Sunday, May 14, 2017

Material Girl

Big hair, leggings, sky high shoulder pads…it was the decade of decadence. Wall Street was flying high and so was everyone’s taste for the good life. Consumer culture reached a peak to the tune of Madonna’s “Material Girl.”
Though over 20 years have passed since we said goodbye to the 80s, the style influences continue to infiltrate modern fashion. The spring runway, like that of Ronald van Der Kemp's couture collection, was full of padded shoulders reminiscent of Melanie Griffith in “Working Girl”…the only thing missing were her white sneakers.
Dressing for success in the 80s often meant classic black and white, which continues to be on trend for ladies ready to conquer the boardroom. When creating his iconic “Men in the Cities” series in the 70s and 80s, artist Robert Longo dressed his contorting figures in the classic workwear. 

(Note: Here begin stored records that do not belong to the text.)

(* Let $r_2\geq 4$ be an even integer. Then there is no graph with parameters $(r_2,r_3)$ for any integer $r_3$ with $4\binom{r_2/2}{2}<r_3<\binom{r_2}{2}$ or $\binom{r_2-1}{2}<r_3<4\binom{r_2/2}{2}$. Moreover, $K_{r_2+1}$ has parameters $(r_2,\binom{r_2}{2})$, $\operatorname{Turan}(r_2+2, r_2/2+1)$ has parameters $(r_2, 4\binom{r_2/2}{2})$, and $K_{r_2}\square K_2$ has parameters $(r_2,\binom{r_2-1}{2})$.
   Context: All graphs are finite, simple and undirected. The $K_3$-degree of a vertex $v$ is the number of triangles containing $v$. A graph $G$ has parameters $(r_2,r_3)$ if every vertex has degree $r_2$ and every vertex has $K_3$-degree $r_3$. $K_n$ is the complete graph on $n$ vertices. For $r\mid n$, $\operatorname{Turan}(n,r)$ is the complete multipartite graph on $n$ vertices with $r$ parts each of size $n/r$. The Cartesian product $G_1\square G_2$ has vertex set $V(G_1)\times V(G_2)$, with $(u,v)$ and $(u',v')$ adjacent iff either $u=u'$ and $vv'\in E(G_2)$, or $v=v'$ and $uu'\in E(G_1)$. *)

From mathcomp Require Import all_boot.
Set Implicit Arguments. Unset Strict Implicit. Unset Printing Implicit Defensive.

Definition simple_graph (T : finType) (e : rel T) : Prop :=
  symmetric e /\ irreflexive e.

Definition deg (T : finType) (e : rel T) (v : T) : nat := #|[set u | e v u]|.

Definition clique (T : finType) (e : rel T) (S : {set T}) : bool :=
  [forall x in S, forall y in S, (x != y) ==> e x y].

Definition k3deg (T : finType) (e : rel T) (v : T) : nat :=
  #|[set S : {set T} | [&& #|S| == 3, v \in S & clique e S]]|.

Definition has_params (T : finType) (e : rel T) (r2 r3 : nat) : Prop :=
  forall v : T, deg e v = r2 /\ k3deg e v = r3.

Definition complete_graph (n : nat) : rel 'I_n := fun x y => x != y.

(* Turan(n, r): complete multipartite, parts {k*s, ..., k*s + s - 1}, s = n/r *)
Definition turan (n r : nat) : rel 'I_n :=
  fun x y => (x %/ (n %/ r)) != (y %/ (n %/ r)).

Definition cartesian (T1 T2 : finType) (e1 : rel T1) (e2 : rel T2) : rel (T1 * T2) :=
  fun p q => ((p.1 == q.1) && e2 p.2 q.2) || ((p.2 == q.2) && e1 p.1 q.1).
Arguments complete_graph n : clear implicits.
Arguments turan n r : clear implicits.

(* For a vertex v, the neighbourhood N(v) spans d = r2 vertices and r3 edges,
   so it contains M = d(d-1) - 2 r3 ordered non-adjacent pairs, independently
   of v.  If r3 > C(d-1,2), i.e. M < 2(d-1), counting non-adjacent pairs in
   the neighbourhoods of w, v and x shows that non-adjacent vertices v, x with
   a common neighbour w satisfy N(v) = N(x).  Then, for every b in N(v), the
   neighbours of b outside N(v) are exactly the c vertices z with N(z) = N(v),
   so M = d(c-1).  A multiple of d strictly between 0 and 2(d-1) equals d,
   which forces r3 = 4 C(d/2,2).  The three examples are instances of the
   formulas for complete multipartite graphs and for Cartesian products. *)

From mathcomp Require Import all_boot zify.
Set Implicit Arguments. Unset Strict Implicit. Unset Printing Implicit Defensive.

Lemma card_set_sum (T : finType) (A : {pred T}) (P : pred T) :
  #|[set x in A | P x]| = \sum_(x in A) P x.
Proof. by rewrite -sum1dep_card big_mkcondr. Qed.

Lemma bin2_muln2 n : 'C(n, 2) * 2 = n * (n - 1).
Proof. by rewrite (bin_ffact n 2) ffactnS ffactn1 subn1. Qed.

Lemma bin2_pred n : 'C(n, 2) = 'C(n - 1, 2) + (n - 1).
Proof. by case: n => [|n] //; rewrite binS bin1 subn1. Qed.

Lemma bin2_even k : 'C(k * 2, 2) = 4 * 'C(k, 2) + k.
Proof. have := bin2_muln2 (k * 2); have := bin2_muln2 k; nia. Qed.

Lemma card_setD2 (T : finType) (S : {set T}) v x :
  v \in S -> x \in S -> x != v -> #|S :\: [set v; x]| + 2 = #|S|.
Proof.
move=> vS xS xv; rewrite -(cardsID [set v; x] S) (setIidPr _).
  by rewrite cards2 (eq_sym v) xv addnC.
by apply/subsetP => z; rewrite !inE => /orP [] /eqP ->.
Qed.

Section SimpleGraph.

Variables (T : finType) (e : rel T).
Hypotheses (e_sym : symmetric e) (e_irr : irreflexive e).

Definition nb (v : T) : {set T} := [set u | e v u].

Definition triangles (v : T) : {set {set T}} :=
  [set S : {set T} | [&& #|S| == 3, v \in S & clique e S]].

Lemma cliqueP (S : {set T}) :
  reflect {in S &, forall x y, x != y -> e x y} (clique e S).
Proof.
apply: (iffP forall_inP) => [cl x y xS yS | cl x xS].
  by move/forall_inP: (cl x xS) => /(_ y yS) /implyP.
by apply/forall_inP => y yS; apply/implyP; apply: cl.
Qed.

Lemma triangle_on_edge v a b : e v a -> e v b -> e a b ->
  [set v; a; b] \in triangles v.
Proof.
move=> va vb ab.
have neq x y : e x y -> x != y by apply: contraTneq => ->; rewrite e_irr.
rewrite !inE eqxx /=; apply/andP; split.
  rewrite -setUA cardsU1 cards2 !inE neq // negb_or !neq //.
apply/cliqueP => x y; rewrite !inE -!orbA.
by move=> /or3P [] /eqP -> /or3P [] /eqP ->; rewrite ?eqxx // => _; rewrite // e_sym.
Qed.

Lemma triangles_through_edge v a : e v a ->
  [set S in triangles v | a \in S] = (fun b => [set v; a; b]) @: (nb v :&: nb a).
Proof.
move=> va; apply/setP => S; apply/idP/imsetP => [|[b]].
  rewrite !inE => /andP [/and3P [/eqP S3 vS cl] aS].
  have av : a != v by apply: contraTneq va => ->; rewrite e_irr.
  have /cards1P [b Sb] : #|S :\ v :\ a| == 1.
    by move: S3; rewrite (cardsD1 v) vS (cardsD1 a) !inE av aS; lia.
  have : b \in S :\ v :\ a by rewrite Sb set11.
  rewrite !inE => /and3P [ba bv bS].
  exists b; first by rewrite !inE !(cliqueP _ cl) // eq_sym.
  apply/setP => z; rewrite !inE; case: (eqVneq z v) => [-> //|zv].
  case: (eqVneq z a) => [-> //|za] /=.
  apply/idP/eqP => [zS | -> //]; apply/set1P.
  by rewrite -Sb !inE zv za.
move=> /setIP [vb ab] ->; rewrite !inE in vb ab; apply/setIdP; split.
  exact: triangle_on_edge.
by rewrite !inE eqxx /= orbT.
Qed.

Lemma k3deg_double v : (k3deg e v).*2 = \sum_(a in nb v) #|nb v :&: nb a|.
Proof.
have card_through a : a \in nb v ->
    #|nb v :&: nb a| = \sum_(S in triangles v) (a \in S).
  rewrite inE => va; rewrite -card_set_sum triangles_through_edge //.
  rewrite card_in_imset // => b b' /setIP [vb ab] _ eq_b.
  have : b \in [set v; a; b'] by rewrite -eq_b !inE eqxx !orbT.
  rewrite !inE -orbA => /or3P [] /eqP // bE;
    by move: vb ab; rewrite bE !inE e_irr // andbF.
rewrite (eq_bigr _ card_through) exchange_big -muln2 -sum_nat_const /=.
apply: eq_bigr => S; rewrite inE => /and3P [/eqP S3 vS /cliqueP cl].
rewrite -card_set_sum (_ : [set a in nb v | a \in S] = S :\ v).
  by move: S3; rewrite (cardsD1 v) vS; lia.
apply/setP => a; rewrite !inE; case: (boolP (a \in S)) => aS; rewrite ?andbT ?andbF //.
apply/idP/idP => [va | av]; last by apply: cl; rewrite // eq_sym.
by apply: contraTneq va => ->; rewrite e_irr.
Qed.

Definition nonadj (S : {set T}) (a : T) : {set T} :=
  [set b in S | (b != a) && ~~ e a b].

Definition nonedges (S : {set T}) : nat :=
  #|[set p : T * T | (p.1 \in S) && (p.2 \in nonadj S p.1)]|.

Lemma card_nonadj (S : {set T}) a : a \in S -> #|S :&: nb a| + #|nonadj S a| = #|S| - 1.
Proof.
move=> aS; rewrite (cardsD1 a S) aS add1n subn1 /= -(cardsID (nb a) (S :\ a)).
congr (_ + _); apply: eq_card => b; rewrite !inE.
  by case: (eqVneq b a) => [->|]; rewrite ?e_irr ?andbF.
by case: (b \in S); case: (b != a); case: (e a b).
Qed.

Lemma sum_card_nonadj (A : {pred T}) (S : {set T}) :
  \sum_(a in A) #|nonadj S a| =
  #|[set p : T * T | (p.1 \in A) && (p.2 \in nonadj S p.1)]|.
Proof.
rewrite -sum1dep_card.
rewrite -(pair_big_dep (mem A) (fun a b => b \in nonadj S a) (fun _ _ => 1)) /=.
by apply: eq_bigr => a _; rewrite sum1_card.
Qed.

Lemma nonedgesE (S : {set T}) : nonedges S = \sum_(a in S) #|nonadj S a|.
Proof. by rewrite sum_card_nonadj. Qed.

Lemma nonedges_le (S : {set T}) : nonedges S <= #|S| * (#|S| - 1).
Proof.
rewrite nonedgesE -sum_nat_const; apply: leq_sum => a aS.
by rewrite -(card_nonadj aS) leq_addl.
Qed.

Lemma nonedges_link v :
  nonedges (nb v) + (k3deg e v).*2 = #|nb v| * (#|nb v| - 1).
Proof.
rewrite nonedgesE k3deg_double -big_split -sum_nat_const /=.
by apply: eq_bigr => a va; rewrite addnC card_nonadj.
Qed.

Lemma nonedges_cover (A S1 S2 : {set T}) : A \subset S1 :&: S2 ->
  (\sum_(a in A) #|nonadj (S1 :|: S2) a|).*2 <= nonedges S1 + nonedges S2.
Proof.
(* A pair with one end in A lies in S1 or in S2; with both ends in A it lies in both. *)
move=> sA; rewrite sum_card_nonadj; set U := S1 :|: S2; set X := [set p | _].
pose Y := [set p : T * T | (p.2 \in A) && (p.1 \in nonadj U p.2)].
have swapK : involutive (fun p : T * T => (p.2, p.1)) by case.
have cardY : #|Y| = #|X|.
  rewrite -(card_preimset X (inv_inj swapK)).
  by apply: eq_card => -[a b]; rewrite !inE.
rewrite -addnn -{2}cardY -cardsUI -[nonedges S1 + _]cardsUI.
have inS x : (x \in A) ==> (x \in S1) && (x \in S2).
  by apply/implyP => /(subsetP sA); rewrite inE.
apply: leq_add; apply: subset_leq_card; apply/subsetP => -[a b];
  move: (inS a) (inS b); rewrite !inE /= [e b a]e_sym [a == b]eq_sym;
  by case: (a \in A); case: (b \in A); case: (a \in S1); case: (a \in S2);
    case: (b \in S1); case: (b \in S2); case: (b == a); case: (e a b).
Qed.

Definition twins (v : T) : {set T} := [set z | nb z == nb v].

Section RegularSparseLinks.

Variable d : nat.
Hypothesis deg_d : forall v, #|nb v| = d.
Hypothesis sparse_links : forall v, nonedges (nb v) < 2 * (d - 1).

 Classic lines and colors help make the images timeless--and the look continues to bring a powerful punch as seen in the Ronald van Der Kemp look on the right.


Did someone say party dress? After a hard work day, what girl doesn’t need to enjoy a night on the town in a pretty outfit? The glitz and glamour of the Texas darlings from “Dynasty” hit the Alexandre Vauthier couture runway in full force with an array of one-shouldered frocks, puffy sleeves and pantyhose.




From flowing trains, to ruffles, sequins and sashes…the 80s glam options were endless this season. Some options even shimmered, like the design that mirrored the shining Rabbit sculpture by Jeff Koons.

Always a go-to for glamour, little black dresses go vintage with textured volume. Dressed up in a LBD from Ronald van Der Kemp, what girl wouldn’t feel like a celebrity?

"Celebrity" by Christopher Wool, 1989


Not in a black dress kind of mood? Keep it sleek with color blocking and an elegant coiffure inspired by Richard Prince’s photography.
"Untitled 1" by Richard Prince



As each day brings us closer to the future, fashion proves that we never leave history behind. There are styles we think will never return, and yet they always find ways of coming back for the next generation.